CONCORD, N.H. (AP) – Despite new charges against Gregory Floyd, the attorney general says there is no reason to revisit whether he should have been exonerated for his involvement in a fatal shooting last year.
Floyd, 50, of Easton, made headlines last May when he shot and killed a man who had just shot and killed Franconia Police Cpl. Bruce McKay. Last week, after being convicted of threatening a neighbor, Floyd erupted in the courthouse and was charged with assaulting a court officer, resisting arrest and disorderly conduct.
Attorney General Kelly Ayotte said if new evidence came forward about the shooting, her office can take another look at the case, but that hasn’t happened. But relatives of Liko Kenney, the 24-year-old Easton man Floyd killed, want the state to reconsider filing charges.

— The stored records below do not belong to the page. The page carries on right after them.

Lemma tensDl y : {morph tn^~ y : x x' / x + x'}.
Proof. by move=> x x'; rewrite !tensE (alghomD htl) mulrDl. Qed.

Lemma tensDr x : {morph tn x : y y' / y + y'}.
Proof. by move=> y y'; rewrite !tensE (alghomD htr) mulrDr. Qed.

Lemma tens_balance x a y : tn (x * pa a) y = tn x (q a * y).
Proof.
rewrite !tensE (alghomM htl) (alghomM htr) (tensl_tensr pa q a).
by rewrite mulrA.
Qed.

Definition scalarT (a : A) : TA := pa a.
Definition formT (p : A * A) : TA := pa p.1 * da p.2.
Definition scalarS (a : A) : SS := q a.
Definition vectorS (p : A * M) : SS := q p.1 * s p.2.
Definition tensgen (I J : Type) (gT : I -> TA) (gS : J -> SS) (p : I * J) : XX :=
  tn (gT p.1) (gS p.2).

Lemma scalarT_mul : span_mul_closed scalarT scalarT scalarT.
Proof. by move=> a b; rewrite -(alghomM hpa); apply: in_span_gen. Qed.

Lemma formT_mul : span_mul_closed scalarT formT formT.
Proof.
move=> a p; rewrite /scalarT /formT mulrA -(alghomM hpa).
exact: (in_span_gen formT (a * p.1, p.2)).
Qed.

Lemma scalarS_mul : span_mul_closed scalarS scalarS scalarS.
Proof. by move=> a b; rewrite -(alghomM hq); apply: in_span_gen. Qed.

Lemma vectorS_mul : span_mul_closed scalarS vectorS vectorS.
Proof.
move=> a p; rewrite /scalarS /vectorS mulrA -(alghomM hq).
exact: (in_span_gen vectorS (a * p.1, p.2)).
Qed.

Lemma scalarT_R r : in_span scalarT (inR TA r).
Proof. by rewrite -(alghomR hpa); apply: in_span_gen. Qed.

Lemma scalarS_R r : in_span scalarS (inR SS r).
Proof. by rewrite -(alghomR hq); apply: in_span_gen. Qed.

Lemma in_span_tens (I J : Type) (gT : I -> TA) (gS : J -> SS) x y :
  in_span gT x -> in_span gS y -> in_span (tensgen gT gS) (tn x y).
Proof.
apply: in_span_biadditive => [|x'|i j]; [exact: tensDl | exact: tensDr |].
exact: (in_span_gen (tensgen gT gS) (i, j)).
Qed.

Lemma tensgen_mul (I I' I'' J J' J'' : Type) (gT : I -> TA) (gT' : I' -> TA)
  (gT'' : I'' -> TA) (gS : J -> SS) (gS' : J' -> SS) (gS'' : J'' -> SS) :
  span_mul_closed gT gT' gT'' -> span_mul_closed gS gS' gS'' ->
  span_mul_closed (tensgen gT gS) (tensgen gT' gS') (tensgen gT'' gS'').
Proof. by move=> gTM gSM i j; rewrite /tensgen tens_mul; apply: in_span_tens. Qed.

Lemma ellT_span w : in_span scalarT (ellT (pT w)) /\ in_span formT (ellT (dT w)).
Proof.
have [eH eE] := ellT_spec (AlgA_rmorph iA).
have [|//] := in_span_derivation scalarT_mul formT_mul scalarT_R
  (alghom_comp (pT_hom hTA) eH) (hom_comp_derivation eH (dT_der TA)) _ w.
case=> a /=.
- rewrite -[pgen _ (inl a)]/(pT a); case: (eE a) => -> _ -> _.
  by split; [apply: in_span_gen | apply: in_span0].
- rewrite -[pgen _ (inr a)]/(dT a); case: (eE a) => _ -> _ ->.
  split; first exact: in_span0.
  by rewrite -[dT a]mul1r -(alghom1 hpa); apply: (in_span_gen formT (1, a)).
Qed.

Lemma lambdaM_span v :
  in_span scalarS (lambdaM (pT v)) /\ in_span vectorS (lambdaM (dT v)).
Proof.
have [lH [lEq lEs]] := lambdaM_spec iA M.
have [|//] := in_span_derivation scalarS_mul vectorS_mul scalarS_R
  (alghom_comp (pT_hom hS) lH) (hom_comp_derivation lH (dT_der SS)) _ v.
case=> [a|m] /=.
- rewrite -[pgen _ (inl a)]/(q a); case: (lEq a) => -> ->.
  by split; [apply: in_span_gen | apply: in_span0].
- rewrite -[pgen _ (inr m)]/(s m); case: (lEs m) => -> ->.
  split; first exact: in_span0.
  by rewrite -[s m]mul1r -(alghom1 hq); apply: (in_span_gen vectorS (1, m)).
Qed.

Definition ell_theta (z : Tan XX) : XX := ell_tens_zero (thetaM z).
Definition lambda_theta (z : Tan XX) : XX := zero_tens_lambda (thetaM z).

Lemma ell_theta_hom : alghom ell_theta.
Proof. exact: alghom_comp (proj1 (thetaM_spec iA M)) (proj1 (ell_tens_zero_spec iA M)). Qed.

Lemma lambda_theta_hom : alghom lambda_theta.
Proof.
exact: alghom_comp (proj1 (thetaM_spec iA M)) (proj1 (zero_tens_lambda_spec iA M)).
Qed.

Lemma ell_theta_tens w v :
  ell_theta (pT (tn w v)) = tn (ellT (pT w)) v /\
  ell_theta (dT (tn w v)) = tn (ellT (dT w)) v.
Proof.
have [_ zE] := zeroT_spec hS; have [[eD _ _ _] eE] := ell_tens_zero_spec iA M.
rewrite /ell_theta; case: (proj2 (thetaM_spec iA M) w v) => -> ->.
by rewrite eD !eE; case: (zE v) => -> ->; rewrite tens0r addr0.
Qed.

Lemma lambda_theta_tens w v :
  lambda_theta (pT (tn w v)) = tn w (lambdaM (pT v)) /\
  lambda_theta (dT (tn w v)) = tn w (lambdaM (dT v)).
Proof.
have [_ zE] := zeroT_spec hTA; have [[eD _ _ _] eE] := zero_tens_lambda_spec iA M.
rewrite /lambda_theta; case: (proj2 (thetaM_spec iA M) w v) => -> ->.
by rewrite eD !eE; case: (zE w) => -> ->; rewrite tens0l add0r.
Qed.

Lemma ell_lambda_tens_span w v :
  [/\ in_span (tensgen scalarT scalarS) (lambda_theta (pT (ell_theta (pT (tn w v))))),
      in_span (tensgen scalarT vectorS) (lambda_theta (dT (ell_theta (pT (tn w v))))),
      in_span (tensgen formT scalarS) (lambda_theta (pT (ell_theta (dT (tn w v))))) &
      in_span (tensgen formT vectorS) (lambda_theta (dT (ell_theta (dT (tn w v)))))].
Proof.
case: (ell_theta_tens w v) => -> ->.
case: (lambda_theta_tens (ellT (pT w)) v) (lambda_theta_tens (ellT (dT w)) v) => -> -> [-> ->].
by case: (ellT_span w) (lambdaM_span v) => ? ? [? ?]; split; apply: in_span_tens.
Qed.

Lemma ell_lambda_span z :
  [/\ in_span (tensgen scalarT scalarS) (lambda_theta (pT (ell_theta (pT z)))),
      in_span (tensgen scalarT vectorS) (lambda_theta (dT (ell_theta (pT z)))),
      in_span (tensgen formT scalarS) (lambda_theta (pT (ell_theta (dT z)))) &
      in_span (tensgen formT vectorS) (lambda_theta (dT (ell_theta (dT z))))].
Proof.
have hphi := alghom_comp (pT_hom hX) ell_theta_hom.
have hdelta := hom_comp_derivation ell_theta_hom (dT_der XX).
have hpsi := alghom_comp (pT_hom hX) lambda_theta_hom.
have heps := hom_comp_derivation lambda_theta_hom (dT_der XX).
have [r||//] := in_span_derivation2 (tensgen_mul scalarT_mul scalarS_mul)
  (tensgen_mul scalarT_mul vectorS_mul) _ (tensgen_mul formT_mul scalarS_mul)
  (tensgen_mul formT_mul vectorS_mul)
  (tensgen_mul formT_mul (span_mul_closedC vectorS_mul)) (alghom_comp hphi hpsi)
  (derivation_comp_hom hphi heps) (hom_comp_derivation hpsi hdelta)
  (derivation2_comp hdelta heps) _ z.
- rewrite -(alghomR htl) -tens_x1 -(alghom1 hq).
  by apply: in_span_tens; [apply: scalarT_R | apply: in_span_gen].
case=> [w|v] /=.
- by rewrite -[pgen _ (inl w)]/(tensl pa q w) -tens_x1; apply: ell_lambda_tens_span.
- by rewrite -[pgen _ (inr v)]/(tensr pa q v) -tens_1y; apply: ell_lambda_tens_span.
Qed.

Lemma OmegaTensM_span x :
  in_span (tensgen formT vectorS) x -> OmegaTensM x.
Proof.
apply: (in_span_additive (f := id)) => // -[[a a'] [b m]].
rewrite /tensgen /formT /vectorS /= -tens_balance mulrAC -(alghomM hpa).
exact: (in_span_gen _ ((a * b, a'), m)).
Qed.

Section Nabla.
Variable H : Tan SS -> XX.
Hypothesis hH : horizontal_connection H.
Local Notation nabla m := (H (dT (s m))).

Lemma nablaD m m' : nabla (m + m') = nabla m + nabla m'.
Proof.
case: hH => hHh _ _ _ _.
by rewrite sMD (derivationD (dT_der SS)) (alghomD hHh).
Qed.

Lemma nablaZ (a : A) m : nabla (a *: m) = actA a (nabla m) + tn (da a) (s m).
Proof.
case: hH => hHh H1 H2 _ _.
rewrite sMZ (derivationM (dT_der SS)) (alghomD hHh) !(alghomM hHh) !H2.
have [_ tqE] := TqM_spec iA M; case: (tqE a) => _ <-.
by rewrite H1 /actA -[pa a]mul1r tens_balance tens_mul mul1r !mulr1.
Qed.

Lemma nablaZ_R r m : nabla (iA r *: m) = inR XX r * nabla m.
Proof.
rewrite nablaZ /actA.
have -> : da (iA r) = 0 := derivationR (dT_der (AlgA iA)) r.
have -> : pa (iA r) = inR TA r := alghomR hpa r.
by rewrite tens0l addr0 tens_x1 (alghomR htl).
Qed.

Lemma nabla_omega m : OmegaTensM (nabla m).
Proof.
case: hH => hHh _ _ H3 H4.
have [_ THE] := Tmap_spec hX hHh.
have [_ eE] := ellT_spec hS; have [_ cE] := cT_spec hS.
have [lH [_ lEs]] := lambdaM_spec iA M; have [_ TlE] := Tmap_spec hS lH.
have ell_fix : ell_theta (dT (nabla m)) = nabla m.
  by have := H3 (dT (dT (s m))); rewrite (proj2 (THE _)); case: (eE (s m)) => _ _ _ ->.
have lambda_fix : lambda_theta (dT (nabla m)) = nabla m.
  have := H4 (dT (dT (s m))); rewrite (proj2 (THE _)).
  by case: (cE (s m)) => _ _ _ ->; rewrite (proj2 (TlE _)); case: (lEs m) => _ ->.
apply: OmegaTensM_span; rewrite -lambda_fix -{1}ell_fix.
by case: (ell_lambda_span (nabla m)).
Qed.

End Nabla.
End Connection.

Theorem mainTheorem7 (R A : comPzRingType) (iA : {rmorphism R -> A})
  (M : lmodType A) (H : Tan (SymA iA M) -> TAS iA M) :
  horizontal_connection H ->
  module_connection (fun m : M => H (dT (sM iA m))).
Proof.
move=> hH; split.
- exact: nabla_omega hH.
- exact: nablaD hH.
- exact: nablaZ_R hH.
- exact: nablaZ hH.
Qed.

“They (state police) informed me my nephew was shot and killed by Gregory Floyd and they called him a good Samaritan. I accepted it at that time. I had no idea who he was, but now I know he is no good Samaritan,” said Kenney’s uncle, bill Kenney.
Ayotte determined within 24 hours that Floyd was justified in killing Kenney on May 11, 2007. Kenney had been stopped by McKay, who pepper-sprayed him. Kenney then shot McKay and ran over him. Floyd, who had stopped nearby and was watching from his pickup truck, grabbed McKay’s gun and killed Kenney.

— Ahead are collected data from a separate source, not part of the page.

Lemma comp_hom_cast_r (x y y' z z' : C) (e : y = y') (e' : z = z')
  (g : hom y' z') (f : hom x y) :
  comp g (hom_cast eq_refl e f) =
  hom_cast eq_refl e' (comp (hom_cast (eq_sym e) (eq_sym e') g) f).
Proof. now destruct e, e'. Qed.

End HomCast.

Lemma fmap_hom_cast (C D : Category) (F : Functor C D) (x x' y y' : C)
  (ex : x = x') (ey : y = y') (h : hom x y) :
  fmap F (hom_cast ex ey h) = hom_cast (f_equal F ex) (f_equal F ey) (fmap F h).
Proof. now destruct ex, ey. Qed.

(** * Equality of functors, natural transformations and morphisms of Cat//X *)

Lemma functor_eq (C D : Category) (F G : Functor C D) (Ho : forall a, F a = G a)
  (Hm : forall a b (f : hom a b), fmap G f = hom_cast (Ho a) (Ho b) (fmap F f)) : F = G.
Proof.
  destruct F as [fo fm p q], G as [go gm p' q']; simpl in *.
  assert (E : fo = go) by (apply functional_extensionality; exact Ho).
  subst go.
  assert (Em : fm = gm).
  { do 3 (apply functional_extensionality_dep; intro).
    now rewrite Hm, hom_cast_refl. }
  subst gm.
  now rewrite (proof_irrelevance _ p p'), (proof_irrelevance _ q q').
Qed.
Arguments functor_eq {C D F G} Ho Hm.

Lemma fmap_functor_eq (C D : Category) (F G : Functor C D) (E : F = G)
  (Ho : forall a, F a = G a) (a b : C) (f : hom a b) :
  fmap G f = hom_cast (Ho a) (Ho b) (fmap F f).
Proof. destruct E; now rewrite hom_cast_refl. Qed.

Lemma nattrans_eq (C D : Category) (F G : Functor C D) (al be : NatTrans F G) :
  (forall a, al a = be a) -> al = be.
Proof.
  destruct al as [a na], be as [b nb]; simpl; intro H.
  assert (a = b) by (apply functional_extensionality_dep; exact H).
  subst; f_equal; apply proof_irrelevance.
Qed.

Bill Kenney believes the FBI should investigate the shootings. He said he wasn’t surprised that the state will not revisit the case in light of the new charges against Floyd.

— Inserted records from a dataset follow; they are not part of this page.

Lemma tail_abs_le (g : R -> R) (s M : R) :
  s < 1 -> (forall x, continuous g x) -> (forall x, s <= x <= 1 -> Rabs (g x) <= M) ->
  Rabs (tail g s) <= M / lam.
Proof.
  intros Hs Hc Hg.
  assert (H1 : tail (fun _ => 1) s = / lam).
  { apply (Rmult_eq_reg_l lam); [|lra]. rewrite tail_one by exact Hs. field. lra. }
  assert (Hcomb : forall c, 0 <= tail (fun x => M * 1 + c * g x) s -> 0 <= M / lam + c * tail g s).
  { intros c Hcs. rewrite tail_lincomb in Hcs by (easy || intros; apply continuous_const).
    rewrite H1 in Hcs. unfold Rdiv. lra. }
  apply Rabs_le. split.
  - enough (0 <= M / lam + 1 * tail g s) by lra.
    apply Hcomb, tail_ge0; [exact Hs| |].
    + intros x. apply (continuous_plus (fun _ => M * 1) (fun x => 1 * g x)); [apply continuous_const|].
      apply (continuous_scal_r 1 g), Hc.
    + intros x Hx. specialize (Hg x Hx). apply Rabs_le_between in Hg. lra.
  - enough (0 <= M / lam + -1 * tail g s) by lra.
    apply Hcomb, tail_ge0; [exact Hs| |].
    + intros x. apply (continuous_plus (fun _ => M * 1) (fun x => -1 * g x)); [apply continuous_const|].
      apply (continuous_scal_r (-1) g), Hc.
    + intros x Hx. specialize (Hg x Hx). apply Rabs_le_between in Hg. lra.
Qed.

Definition tailn (n : nat) (g : R -> R) (s : R) : R :=
  tail (fun x => (1 - x) ^ n * g x) s / (1 - s) ^ n.

Lemma continuous_pow_1m_mul (n : nat) (g : R -> R) (x : R) :
  continuous g x -> continuous (fun y => (1 - y) ^ n * g y) x.
Proof. intros Hg. apply (continuous_mult (fun y => (1 - y) ^ n) g); [apply continuous_pow_1m | exact Hg]. Qed.

Lemma tailn_ext (n : nat) (f g : R -> R) (s : R) :
  s < 1 -> (forall x, s < x < 1 -> f x = g x) -> tailn n f s = tailn n g s.
Proof. intros Hs Hfg. unfold tailn. f_equal. apply tail_ext; [exact Hs|]. intros. now rewrite Hfg. Qed.

Lemma tailn_lincomb (n : nat) (a b : R) (f g : R -> R) (s : R) :
  s < 1 -> (forall x, continuous f x) -> (forall x, continuous g x) ->
  tailn n (fun x => a * f x + b * g x) s = a * tailn n f s + b * tailn n g s.
Proof.
  intros Hs Hf Hg. unfold tailn.
  rewrite (tail_ext _ (fun x => a * ((1 - x) ^ n * f x) + b * ((1 - x) ^ n * g x)))
    by (easy || intros; ring).
  rewrite tail_lincomb by (intros; now apply continuous_pow_1m_mul).
  field. apply pow_nonzero. lra.
Qed.

Lemma tailn_shift (n : nat) (g : R -> R) (s : R) :
  s < 1 -> tailn n (fun x => (1 - x) * g x) s = (1 - s) * tailn (S n) g s.
Proof.
  intros Hs. unfold tailn.
  rewrite (tail_ext _ (fun x => (1 - x) ^ S n * g x)) by (easy || intros; simpl; ring).
  simpl. field. split; [apply pow_nonzero|]; lra.
Qed.

Lemma tailn_abs_le (n : nat) (g : R -> R) (s M : R) :
  s < 1 -> (forall x, continuous g x) -> (forall x, s <= x <= 1 -> Rabs (g x) <= M) ->
  Rabs (tailn n g s) <= M / lam.
Proof.
  intros Hs Hc Hg.
  assert (Hp : 0 < (1 - s) ^ n) by (apply pow_lt; lra).
  unfold tailn. rewrite Rabs_div, (Rabs_pos_eq ((1 - s) ^ n)) by lra.
  apply (Rmult_le_reg_r ((1 - s) ^ n)); [exact Hp|].
  unfold Rdiv at 1. rewrite Rmult_assoc, Rinv_l, Rmult_1_r by lra.
  replace (M / lam * (1 - s) ^ n) with ((1 - s) ^ n * M / lam) by (field; lra).
  apply tail_abs_le; [exact Hs | intros; now apply continuous_pow_1m_mul |].
  intros x Hx. rewrite Rabs_mult, (Rabs_pos_eq ((1 - x) ^ n)) by (apply pow_le; lra).
  apply Rmult_le_compat; [apply pow_le; lra | apply Rabs_pos | apply pow_incr; lra | now apply Hg].
Qed.

Lemma tailn_ibp (n : nat) (g g' : R -> R) (s : R) :
  s < 1 -> (forall x, is_derive g x (g' x)) -> (forall x, continuous g' x) ->
  lam * tailn n g s = g s + (1 - s) * tailn (S n) (fun x => (1 - x) * g' x - INR n * g x) s.
Proof.
  intros Hs Hd Hc.
  assert (Hgc : forall x, continuous g x)
    by (intros x; exact (continuous_of_is_derive _ _ _ (Hd x))).
  assert (Hp : (1 - s) ^ n <> 0) by (apply pow_nonzero; lra).
  unfold tailn. unfold Rdiv at 1. rewrite <- Rmult_assoc.
  rewrite (tail_ibp _ (fun x => - INR n * (1 - x) ^ pred n * g x + (1 - x) ^ n * g' x)).
  - rewrite (tail_ext (fun x => (1 - x) ^ 2 * _)
      (fun x => (1 - x) ^ S n * ((1 - x) * g' x - INR n * g x))) by
      (easy || intros x _; destruct n; simpl; ring).
    simpl. field. split; [exact Hp | lra].
  - exact Hs.
  - intros x. apply Derive.is_derive_mult; [apply is_derive_pow_1m | apply Hd].
  - intros x.
    apply (continuous_plus (fun x => - INR n * (1 - x) ^ pred n * g x) (fun x => (1 - x) ^ n * g' x)).
    + apply (continuous_mult (fun x => - INR n * (1 - x) ^ pred n) g); [|apply Hgc].
      apply (continuous_scal_r (- INR n) (fun x => (1 - x) ^ pred n)), continuous_pow_1m.
    + now apply continuous_pow_1m_mul.
Qed.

“It’s a knee-jerk reaction,” he said. “I believe there is a real disconnect between Concord and north of the notches. The White Mountains offer more than a little barrier between north and south.”
Chichester lawyer Mark Sisti, who represents Kenney’s family, said they haven’t decided whether to file a lawsuit. He said if a police officer kills a civilian in the line of duty, it would take more than a day for the attorney general to decide if the shooting was justified.
But Ayotte said it is common to make preliminary findings in 24 hours that a shooting was justified. In Floyd’s case, there was ample evidence because a dashboard camera in McKay’s cruiser captured the incident, she said.